## Exercise objective
The stretch wanted below opens at the line containing "- intros j Hj." and closes at the line containing "Proof. intros Ht. apply is_derive_Reals, Ht.". Please return it exactly, with no other lines.
[[ Material supplied open ]]
Let T_card : (#|J0 :\: S| <= n)%N.
Proof.
case: hJ0 => J0J _; apply: leq_trans (identify_card hJ).
exact/subset_leq_card/(subset_trans (subsetDl _ _) J0J).
Qed.

Lemma norm_off_support_le : (1 - e) * norm2 (restrict (J0 :\: S) u) <= 4 * e * nu.
Proof.
set T := J0 :\: S; set t := restrict T u; set NT := norm2 t; set zeta := norm2 (Phi *m z).
have t_sparse : sparse (2 * n) t.
  by apply: sparse_subset (supp_restrict _ _) (leq_trans T_card _); rewrite leq_pmull.
have /andP [_ hi] := ric_dot hric e_ge0 e_le1 t_sparse.
rewrite -!norm2_sqr -!exprMn ler_sqr ?nnegrE ?mulr_ge0 ?addr_ge0 ?norm2_ge0 // in hi.
have NT2 : NT ^+ 2 = dot (Phi *m t) (Phi *m v0) - dot (Phi *m t) (Phi *m z).
  rewrite norm2_restrict -dot_restrict -dot_mulmx -/t.
  by rewrite [X in dot _ X]residual_split mulmxBr dotDr dotNr.
have tv0 : dot (Phi *m t) (Phi *m v0) <= 2 * e * NT * nu.
  refine (ric_dot_disjoint hric e_ge0 e_le1 (supp_restrict _ _) (supp_restrict _ _) _ _).
    exact: disjointWr (subsetDl _ _) (disjoint_setDl _ _).
  apply: leq_trans (leq_card_setU _ _).1 _; rewrite mul2n -addnn leq_add //.
  exact: leq_trans (subset_leq_card (subsetDl _ _)) v_sparse.
have tz : - dot (Phi *m t) (Phi *m z) <= (1 + e) * NT * zeta.
  apply: le_trans (ler_norm _) _; rewrite normrN; apply: le_trans (dot_le_norm2 _ _) _.
  by rewrite ler_wpM2r ?norm2_ge0.
have NTb : NT <= 2 * e * nu + (1 + e) * zeta.
  apply: (ler_wpM2l_cancel (norm2_ge0 t)) => [t0|].
    by rewrite /NT t0 addr_ge0 ?mulr_ge0 ?norm2_ge0 ?addr_ge0.
  rewrite -expr2 NT2 (_ : NT * _ = 2 * e * NT * nu + (1 + e) * NT * zeta); last by ring.
  exact: lerD.
have e1m : 0 <= 1 - e by rewrite subr_ge0.
have e1p : 0 <= 1 + e by rewrite addr_ge0.
have := ler_wpM2l e1m NTb; have := ler_wpM2l e1p norm_Phi_z_le; rewrite -/zeta; lra.
Qed.
Lemma rung_spec (k : 'Z_10) : if oddz k then ~~ oddz (2 * k) && (3 * (2 * k) + 5 == k)
                              else oddz (3 * k + 5) && (2 * (3 * k + 5) == k).
Proof. by move: k; apply: Z10_all; vm_compute. Qed.

Lemma rung_parity u : oddz (rung u).2 = ~~ oddz u.2.
Proof.
case: u => n k; have := rung_spec k; rewrite /rung /=.
by case: (oddz k) => /andP[parity _]; rewrite ?(negbTE parity) ?parity.
Qed.

Lemma rungK : involutive rung.
Proof.
move=> [n k]; have := rung_spec k; rewrite /rung /=.
by case: (oddz k) => /andP[parity /eqP->] /=; rewrite ?(negbTE parity) ?parity; congr pair; lia.
Qed.

Lemma Gamma_cubic : cubic Gamma_adj.
Proof.
move=> u; exists (succv u), (predv u), (rung u).
split; [split|split; [split; [exact: adj_succ|exact: adj_pred|exact: adj_rung]|]].
- by rewrite /succv /predv => -[] /eqP; apply/negP; exact: succz_neq_predz.
- by move/esym; apply: rung_off_level.
- by move/esym; apply: rung_off_level.
- by move=> w /adj_nbrs; rewrite !inE => /or3P[] /eqP->; auto.
Qed.

Lemma In_mem (T : eqType) (x : T) (s : seq T) : List.In x s <-> x \in s.
Proof.
elim: s => [|y s IH] //=; rewrite inE; split.
- by case=> [->|/IH ->]; rewrite ?eqxx ?orbT.
- by case/orP=> [/eqP->|/IH]; [left|right].
Qed.

Definition level (m : int) : list GVert := [seq (m, k) | k <- Z10].

Lemma levelP m x : List.In x (level m) <-> x.1 = m.
Proof.
rewrite In_mem; split=> [/mapP[k _ ->] //|]; case: x => n k /= ->.
exact: map_f (Z10P k).
Qed.

Lemma Gamma_adj_level x y : Gamma_adj x y -> `|y.1 - x.1| <= 1.
Proof. by move/adj_nbrs; rewrite !inE => /or3P[] /eqP->; rewrite ?rung_level //= subrr. Qed.

Lemma level_connected x y :
  y.1 = x.1 -> conn_avoid Gamma_adj (fun z => z.1 <> x.1) x y.
Proof.
case: x y => n k [m l] /= ->.
have walk (t : nat) : conn_avoid Gamma_adj (fun z => z.1 <> n) (n, k) (n, k + t%:R).
  elim: t => [|t IH]; first by rewrite addr0; apply: ca_refl => /(_ erefl).
  rewrite -natr1 addrA; apply: ca_step IH (adj_succ _) _.
  by move/(_ erefl).
by have := walk (val (l - k)); rewrite natr_Zp addrC subrK.
Qed.

Lemma level_link m : exists x y, [/\ Gamma_adj x y, x.1 = m & y.1 = m + 1].
Proof.
exists (m, 1), (m + 1, 2); have -> : (m + 1, 2) = rung (m, 1) by rewrite rung_odd // mulr1.
by split=> //; exact: adj_rung.
Qed.

Lemma Gamma_two_ended : two_ended Gamma_adj.
Proof.
exact: (levelled_two_ended Gamma_sym Gamma_adj_level levelP level_connected level_link).
Qed.

(* A map preserves adjacency as soon as it maps the cycle edges u -- succv u
   and the upward rungs (n, k) -- (n + 1, 2k), k odd, to edges: every edge is
   of one of these two forms, up to orientation. *)
Lemma edge_preserving (F : GVert -> GVert) :
  (forall u, Gamma_adj (F u) (F (succv u))) ->
  (forall n k, oddz k -> Gamma_adj (F (n, k)) (F (n + 1, 2 * k))) ->
  forall u w, Gamma_adj u w -> Gamma_adj (F u) (F w).
Proof.
move=> F_succ F_up.
have F_rung u : oddz u.2 -> Gamma_adj (F u) (F (rung u)).
  by case: u => n k odd_k; rewrite rung_odd //; apply: F_up.
move=> u w /adj_nbrs; rewrite !inE => /or3P[] /eqP->.
- exact: F_succ.
- apply: Gamma_sym; rewrite -{2}[u](_ : succv (predv u) = u); first exact: F_succ.
  by case: u => n k; rewrite /succv /predv /= subrK.
- case: (boolP (oddz u.2)) => [/F_rung //|even_u].
  by apply: Gamma_sym; rewrite -{2}(rungK u); apply: F_rung; rewrite rung_parity.
Qed.

Definition rung_aut (f : GVert -> GVert) : Prop :=
  is_aut Gamma_adj f /\ forall x, f (rung x) = rung (f x).

(* An automorphism acting injectively on levels commutes with rung, since
   rung x is the only neighbour of x outside its level. *)
Lemma rung_aut_of_levels f :
  is_aut Gamma_adj f -> (forall x y, (f x).1 = (f y).1 -> x.1 = y.1) -> rung_aut f.
Proof.
move=> f_aut f_lev; split=> // x.
have /adj_nbrs := aut_adj f_aut (adj_rung x); rewrite !inE => /or3P[] /eqP // same.
all: by have := rung_level x; rewrite (f_lev _ _ (congr1 fst same)) subrr.
Qed.

Lemma rung_aut_comp f g : rung_aut f -> rung_aut g -> rung_aut (fun x => f (g x)).
Proof.
move=> [f_aut f_rung] [g_aut g_rung].
by split=> [|x]; [exact: aut_comp | rewrite g_rung f_rung].
Qed.

Lemma rung_aut_inv f : rung_aut f -> exists g, [/\ rung_aut g, cancel f g & cancel g f].
Proof.
move=> [f_aut f_rung]; have [g [g_aut fK gK]] := aut_inverse f_aut.
by exists g; split=> //; split=> // x; apply: (aut_inj f_aut); rewrite f_rung !gK.
Qed.

Definition shiftv (c : int) (u : GVert) : GVert := (u.1 + c, u.2).

Lemma shiftv_edges c u w : Gamma_adj u w -> Gamma_adj (shiftv c u) (shiftv c w).
Proof.
move: u w; apply: edge_preserving => [u|n k odd_k]; first exact: adj_succ.
by have := adj_rung (n + c, k); rewrite rung_odd // /shiftv /= addrAC.
Qed.
(* Let $k\in\{3,4\}$. There is a constant $C$ independent of $N$, $\lambda$ and the frequencies such that $|M_{k+2}(\xi_1,\dots,\xi_{k+2})|\le C\,|\alpha_{k+2}(\xi_1,\dots,\xi_{k+2})|$ for all $(\xi_1,\dots,\xi_{k+2})\in\Omega$.
   Context: Fix $k\in\{3,4\}$, $s\in[\tfrac12,1)$, a large parameter $N\ge1$ and a period $\lambda\ge1$. The frequency variables range over $\frac1\lambda\mathbb Z$. The multiplier $m=m_{N,s}:\mathbb R\to(0,1]$ is a smooth even function, nonincreasing in $|\xi|$, with $m(\xi)=1$ for $|\xi|\le N$ and $m(\xi)=N^{1-s}|\xi|^{s-1}$ for $|\xi|>2N$. For $n\ge2$, $\Gamma_n=\{(\xi_1,\dots,\xi_n)\in(\frac1\lambda\mathbb Z)^n:\xi_1+\dots+\xi_n=0\}$. Write $m_j=m(\xi_j)$, $\alpha_n=\xi_1^3+\dots+\xi_n^3$, $M_{k+2}=i(m_1^2\xi_1^3+\dots+m_{k+2}^2\xi_{k+2}^3)$. For a tuple of frequencies, $\xi_1^*,\xi_2^*,\dots$ denotes its rearrangement with $|\xi_1^*|\ge|\xi_2^*|\ge\cdots$; when $k=3$ set $\xi_6^*=0$. Notation: $A\lesssim B$ means $A\le CB$ with $C$ independent of $N,\lambda$ and the frequencies; $A\sim B$ means $A\lesssim B\lesssim A$; $A\ll B$ (or $B\gg A$) means $A\le C_0^{-1}B$ for a fixed sufficiently large absolute constant $C_0$. The non-resonant set is $\Omega=\Omega_1\cup\Omega_2\cup\Omega_3\cup\Omega_4\subset\Gamma_{k+2}$, where $\Omega_1=\{|\xi_3^*|\gg|\xi_4^*|\}$; $\Omega_2=\{|\xi_1^*|\sim|\xi_2^*|\gtrsim N\gg|\xi_3^*|\sim|\xi_4^*|,\ |{\xi_1^*}^3+{\xi_2^*}^3|\gg|{\xi_3^*}^3+\dots+{\xi_{k+2}^*}^3|\}$; $\Omega_3=\{|\xi_1^*|\gg|\xi_3^*|,\ |\xi_1^*+\xi_2^*||\xi_1^*|\gg|\xi_3^*|^2\}$; $\Omega_4=\{|\xi_4^*|\gg|\xi_5^*|,\ |\xi_1^*+\xi_2^*||\xi_1^*+\xi_3^*||\xi_1^*+\xi_4^*|\gg|\xi_5^*||\xi_1^*|^2,\ |m(\xi_1^* )^2{\xi_1^*}^3+\dots+m(\xi_4^* )^2{\xi_4^*}^3|\gg|m(\xi_5^* )^2{\xi_5^*}^3+m(\xi_6^* )^2{\xi_6^*}^3|\}$ (each set consisting of the points of $\Gamma_{k+2}$ satisfying the listed conditions). *)

From Stdlib Require Import Reals Lra Lia.
Open Scope R_scope.

Fixpoint rsum (n : nat) (f : nat -> R) : R :=
  match n with
  | O => 0
  | S n' => rsum n' f + f n'
  end.

Definition smooth (f : R -> R) : Prop :=
  exists d : nat -> R -> R,
    d O = f /\ forall (j : nat) (x : R), derivable_pt_lim (d j) x (d (S j) x).

Definition admissible_profile (s : R) (mu : R -> R) : Prop :=
  smooth mu /\
  (forall x, mu (- x) = mu x) /\
  (forall x y, Rabs x <= Rabs y -> mu y <= mu x) /\
  (forall x, 0 < mu x <= 1) /\
  (forall x, Rabs x <= 1 -> mu x = 1) /\
  (forall x, 2 < Rabs x -> mu x = Rpower (Rabs x) (s - 1)).

(* m_{N,s}(xi) = mu(xi / N): then m = 1 on |xi| <= N and
   m(xi) = N^(1-s) |xi|^(s-1) on |xi| > 2N. *)
Definition mult (mu : R -> R) (N xi : R) : R := mu (xi / N).

Definition in_Gamma (n : nat) (lam : R) (xi : nat -> R) : Prop :=
  (forall j, (j < n)%nat -> exists z : Z, xi j = IZR z / lam) /\
  rsum n xi = 0.

Definition alpha (n : nat) (xi : nat -> R) : R := rsum n (fun j => xi j ^ 3).

(* M_n / i = m_1^2 xi_1^3 + ... + m_n^2 xi_n^3  (so |M_n| = |Mreal|). *)
Definition Mreal (mu : R -> R) (N : R) (n : nat) (xi : nat -> R) : R :=
  rsum n (fun j => (mult mu N (xi j)) ^ 2 * xi j ^ 3).

Definition sorting_perm (n : nat) (xi : nat -> R) (sigma : nat -> nat) : Prop :=
  (forall i, (i < n)%nat -> (sigma i < n)%nat) /\
  (forall i j, (i < n)%nat -> (j < n)%nat -> sigma i = sigma j -> i = j) /\
  (forall i j, (i < j)%nat -> (j < n)%nat -> Rabs (xi (sigma j)) <= Rabs (xi (sigma i))).

(* Rearranged tuple, 0-indexed: star 0 = xi_1^*, ...; entries beyond n are 0
   (so xi_6^* = 0 when n = 5). *)
Definition star (n : nat) (xi : nat -> R) (sigma : nat -> nat) (j : nat) : R :=
  if Nat.ltb j n then xi (sigma j) else 0.

(* Asymptotic relations with explicit constants:
   A ≪ B  :  A <= B / C0 ;  A ∼ B : B/K <= A <= K B ;  A ≳ B : A >= B / K. *)
Definition mll (C0 A B : R) : Prop := A <= B / C0.
Definition msim (K A B : R) : Prop := B / K <= A /\ A <= K * B.

Section Omega.
Variables (n : nat) (C0 K N : R) (mu : R -> R) (x : nat -> R).
(* here x = star n xi sigma, 0-indexed: x 0 = xi_1^*, x 1 = xi_2^*, ... *)

Definition Omega1 : Prop := mll C0 (Rabs (x 3)) (Rabs (x 2)).

Definition Omega2 : Prop :=
  msim K (Rabs (x 0)) (Rabs (x 1)) /\
  N / K <= Rabs (x 1) /\
  mll C0 (Rabs (x 2)) N /\
  msim K (Rabs (x 2)) (Rabs (x 3)) /\
  mll C0 (Rabs (rsum (n - 2) (fun j => x (j + 2)%nat ^ 3)))
         (Rabs (x 0 ^ 3 + x 1 ^ 3)).

Definition Omega3 : Prop :=
  mll C0 (Rabs (x 2)) (Rabs (x 0)) /\
  mll C0 (Rabs (x 2) ^ 2) (Rabs (x 0 + x 1) * Rabs (x 0)).

Definition Omega4 : Prop :=
  let q := fun j => (mult mu N (x j)) ^ 2 * x j ^ 3 in
  mll C0 (Rabs (x 4)) (Rabs (x 3)) /\
  mll C0 (Rabs (x 4) * Rabs (x 0) ^ 2)
         (Rabs (x 0 + x 1) * Rabs (x 0 + x 2) * Rabs (x 0 + x 3)) /\
  mll C0 (Rabs (q 4%nat + q 5%nat)) (Rabs (q 0%nat + q 1%nat + q 2%nat + q 3%nat)).
End Omega.

Definition in_Omega (n : nat) (C0 K N : R) (mu : R -> R) (xi : nat -> R) : Prop :=
  exists sigma, sorting_perm n xi sigma /\
    let x := star n xi sigma in
    Omega1 C0 x \/ Omega2 n C0 K N x \/ Omega3 C0 x \/ Omega4 C0 N mu x.

From Stdlib Require Import Reals Lra Lia List Permutation.
From Coquelicot Require Import Coquelicot.
Open Scope R_scope.

(* Write w(z) = mu(z)^2 z^3, so that the summand m_N(u)^2 u^3 of M_{k+2} is N^3 w(u / N).
   The proof has an analytic and an algebraic half.
   - Analytic: w is C^2 with w'(0) = 0 and |w''(z)| <= Cg |z|: indeed w'' = 6 z where
     mu = 1, w'' = 2 s (2 s + 1) mu^2 z where mu is a power, and w'' is bounded in between
     by compactness.  By the mean value theorem the odd function f = N^3 w(. / N) then
     obeys, uniformly in N, the bounds of the cube u^3 on increments and on second
     differences; moreover f(u) = u^3 for |u| <= N.
   - Algebraic: for any odd f with these two bounds and any sorted six-tuple y0, ..., y5
     of zero sum, each of the conditions defining Omega_1, ..., Omega_4 (with C0 = 100)
     gives |f y0 + ... + f y5| <= (40 Cg + 2) |y0^3 + ... + y5^3|.  In each region the
     dominant part of alpha (3 y0 y1 c with c = -(y0 + y1), y0^3 + y1^3, resp.
     3 (y0 + y1)(y0 + y2)(y0 + y3)) is isolated, and the weighted sum is bounded by the
     same quantity via the increment and second-difference bounds.
   The theorem follows by rearranging the tuple (finite sums are permutation invariant)
   and, for k = 3, padding it with a zero frequency. *)

(* Finite sums as list sums, to transport permutation invariance from lists. *)
Fixpoint lsum (l : list R) : R :=
  match l with nil => 0 | a :: t => a + lsum t end.

Lemma lsum_app l1 l2 : lsum (l1 ++ l2) = lsum l1 + lsum l2.
Proof. induction l1 as [|a l1 IH]; simpl; [lra|rewrite IH; lra]. Qed.

Lemma lsum_perm l1 l2 : Permutation l1 l2 -> lsum l1 = lsum l2.
Proof. induction 1; simpl; lra. Qed.

Lemma rsum_as_lsum n F : rsum n F = lsum (map F (seq 0 n)).
Proof.
  induction n as [|n IH]; [reflexivity|].
  cbn [rsum]. rewrite seq_S, map_app, lsum_app, IH. simpl. lra.
Qed.

Lemma rsum_ext n F G : (forall j, (j < n)%nat -> F j = G j) -> rsum n F = rsum n G.
Proof.
  induction n as [|n IH]; intros H; simpl; [reflexivity|].
  rewrite IH, H by (auto || (intros; apply H; lia)). reflexivity.
Qed.

Lemma rsum_perm n F sigma :
  (forall i, (i < n)%nat -> (sigma i < n)%nat) ->
  (forall i j, (i < n)%nat -> (j < n)%nat -> sigma i = sigma j -> i = j) ->
  rsum n (fun j => F (sigma j)) = rsum n F.
Proof.
  intros Hrange Hinj. rewrite !rsum_as_lsum.
  replace (map (fun j => F (sigma j)) (seq 0 n)) with (map F (map sigma (seq 0 n)))
    by (rewrite map_map; reflexivity).
  apply lsum_perm, Permutation_map, Permutation_map_same_l.
  - apply FinFun.Injective_map_NoDup_in; [|apply seq_NoDup].
    intros x y Hx Hy. apply in_seq in Hx, Hy. apply Hinj; lia.
  - intros z Hz. apply in_map_iff in Hz as [i [<- Hi]]. apply in_seq in Hi. apply in_seq.
    specialize (Hrange i). lia.
Qed.

Lemma rsum_pad n m F : (n <= m)%nat -> (forall j, (n <= j < m)%nat -> F j = 0) ->
  rsum m F = rsum n F.
Proof.
  induction m as [|m IH]; intros Hnm HF.
  - replace n with 0%nat by lia. reflexivity.
  - destruct (Nat.eq_dec n (S m)) as [->|Hne]; [reflexivity|].
    cbn [rsum]. rewrite IH, HF by (lia || (intros; apply HF; lia)). ring.
Qed.

Lemma star_nonincreasing n xi sigma i j : sorting_perm n xi sigma -> (i < j)%nat ->
  Rabs (star n xi sigma j) <= Rabs (star n xi sigma i).
Proof.
  intros [_ [_ Hsorted]] Hij. unfold star.
  destruct (Nat.ltb j n) eqn:Ej.
  - apply Nat.ltb_lt in Ej. replace (Nat.ltb i n) with true
      by (symmetry; apply Nat.ltb_lt; lia).
    apply Hsorted; assumption.
  - rewrite Rabs_R0. apply Rabs_pos.
Qed.

Lemma rsum_star_padded n xi sigma F : sorting_perm n xi sigma -> (n <= 6)%nat -> F 0 = 0 ->
  rsum n (fun j => F (xi j)) = rsum 6 (fun j => F (star n xi sigma j)).
Proof.
  intros Hs Hn HF0. rewrite (rsum_pad n 6).
  - destruct Hs as [Hrange [Hinj _]].
    rewrite <- (rsum_perm n (fun j => F (xi j)) sigma Hrange Hinj).
    apply rsum_ext. intros j Hj. unfold star.
    replace (Nat.ltb j n) with true by (symmetry; apply Nat.ltb_lt; exact Hj). reflexivity.
  - exact Hn.
  - intros j Hj. unfold star. replace (Nat.ltb j n) with false
      by (symmetry; apply Nat.ltb_ge; lia). exact HF0.
Qed.

Definition tower (d : nat -> R -> R) : Prop :=
  forall (j : nat) (x : R), derivable_pt_lim (d j) x (d (S j) x).

Lemma tower_is_derive d j x : tower d -> is_derive (d j) x (d (S j) x).
Proof. intros Ht. apply is_derive_Reals, Ht. Qed.

Lemma tower_Derive d j x : tower d -> Derive (d j) x = d (S j) x.
Proof. intros Ht. apply is_derive_unique, tower_is_derive, Ht. Qed.

Lemma locally_abs_lt r x : Rabs x < r -> locally x (fun y => Rabs y < r).
Proof.
  intros Hx. apply (locally_interval _ x (- r) r); simpl;
    [apply Rabs_def2 in Hx; lra | apply Rabs_def2 in Hx; lra |].
  intros y Hy1 Hy2. apply Rabs_def1; simpl in *; lra.
Qed.

Lemma locally_abs_gt r x : 0 <= r -> r < Rabs x -> locally x (fun y => r < Rabs y).
Proof.
  intros Hr Hx. destruct (Rle_or_lt 0 x) as [Hp|Hn].
  - rewrite Rabs_pos_eq in Hx by lra.
    apply (locally_interval _ x r p_infty); simpl; [lra|exact I|].
    intros y Hy _. simpl in Hy. rewrite Rabs_pos_eq; lra.
  - rewrite Rabs_left in Hx by lra.
    apply (locally_interval _ x m_infty (- r)); simpl; [exact I|lra|].
    intros y _ Hy. simpl in Hy. rewrite Rabs_left; lra.
Qed.

Lemma continuous_bounded_on (f : R -> R) a b : a <= b ->
  (forall c, a <= c <= b -> continuity_pt f c) ->
  exists B, 0 <= B /\ forall c, a <= c <= b -> Rabs (f c) <= B.
Proof.
  intros Hab Hc.
  destruct (continuity_ab_maj (fun c => Rabs (f c)) a b Hab) as [M [HM _]].
  - intros c Hc'. apply (continuity_pt_comp f Rabs); [auto|apply Rcontinuity_abs].
  - exists (Rabs (f M)). split; [apply Rabs_pos|exact HM].
Qed.

Definition weight (d : nat -> R -> R) (z : R) : R := d 0%nat z ^ 2 * z ^ 3.
Definition weight_d1 (d : nat -> R -> R) (z : R) : R :=
  2 * d 0%nat z * d 1%nat z * z ^ 3 + 3 * d 0%nat z ^ 2 * z ^ 2.
Definition weight_d2 (d : nat -> R -> R) (z : R) : R :=
  2 * d 1%nat z ^ 2 * z ^ 3 + 2 * d 0%nat z * d 2%nat z * z ^ 3
  + 12 * d 0%nat z * d 1%nat z * z ^ 2 + 6 * d 0%nat z ^ 2 * z.

Section Weight.
Variable d : nat -> R -> R.
Hypothesis Htower : tower d.

Lemma weight_derive x : derivable_pt_lim (weight d) x (weight_d1 d x).
Proof.
  apply is_derive_Reals. unfold weight, weight_d1. auto_derive.
  - repeat split; eexists; apply tower_is_derive, Htower.
  - rewrite tower_Derive by exact Htower. ring.
Qed.

Lemma weight_d1_derive x : derivable_pt_lim (weight_d1 d) x (weight_d2 d x).
Proof.
  apply is_derive_Reals. unfold weight_d1, weight_d2. auto_derive.
  - repeat split; eexists; apply tower_is_derive, Htower.
  - rewrite !tower_Derive by exact Htower. ring.
Qed.

Lemma weight_d2_continuous x : continuity_pt (weight_d2 d) x.
Proof.
  apply derivable_continuous_pt, ex_derive_Reals_0. unfold weight_d2.
  auto_derive. repeat split; eexists; apply tower_is_derive, Htower.
Qed.

End Weight.

Section Profile.
Variables (s : R) (d : nat -> R -> R).
Hypothesis Htower : tower d.
Hypothesis Hflat : forall y, Rabs y <= 1 -> d 0%nat y = 1.
Hypothesis Hpower : forall y, 2 < Rabs y -> d 0%nat y = Rpower (Rabs y) (s - 1).
Hypothesis Hrange : forall y, 0 < d 0%nat y <= 1.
[[ Material supplied closed ]]
## Result of the exercise
  - intros j Hj. unfold star. replace (Nat.ltb j n) with false
      by (symmetry; apply Nat.ltb_ge; lia). exact HF0.
Qed.

Definition tower (d : nat -> R -> R) : Prop :=
  forall (j : nat) (x : R), derivable_pt_lim (d j) x (d (S j) x).

Lemma tower_is_derive d j x : tower d -> is_derive (d j) x (d (S j) x).
Proof. intros Ht. apply is_derive_Reals, Ht. Qed.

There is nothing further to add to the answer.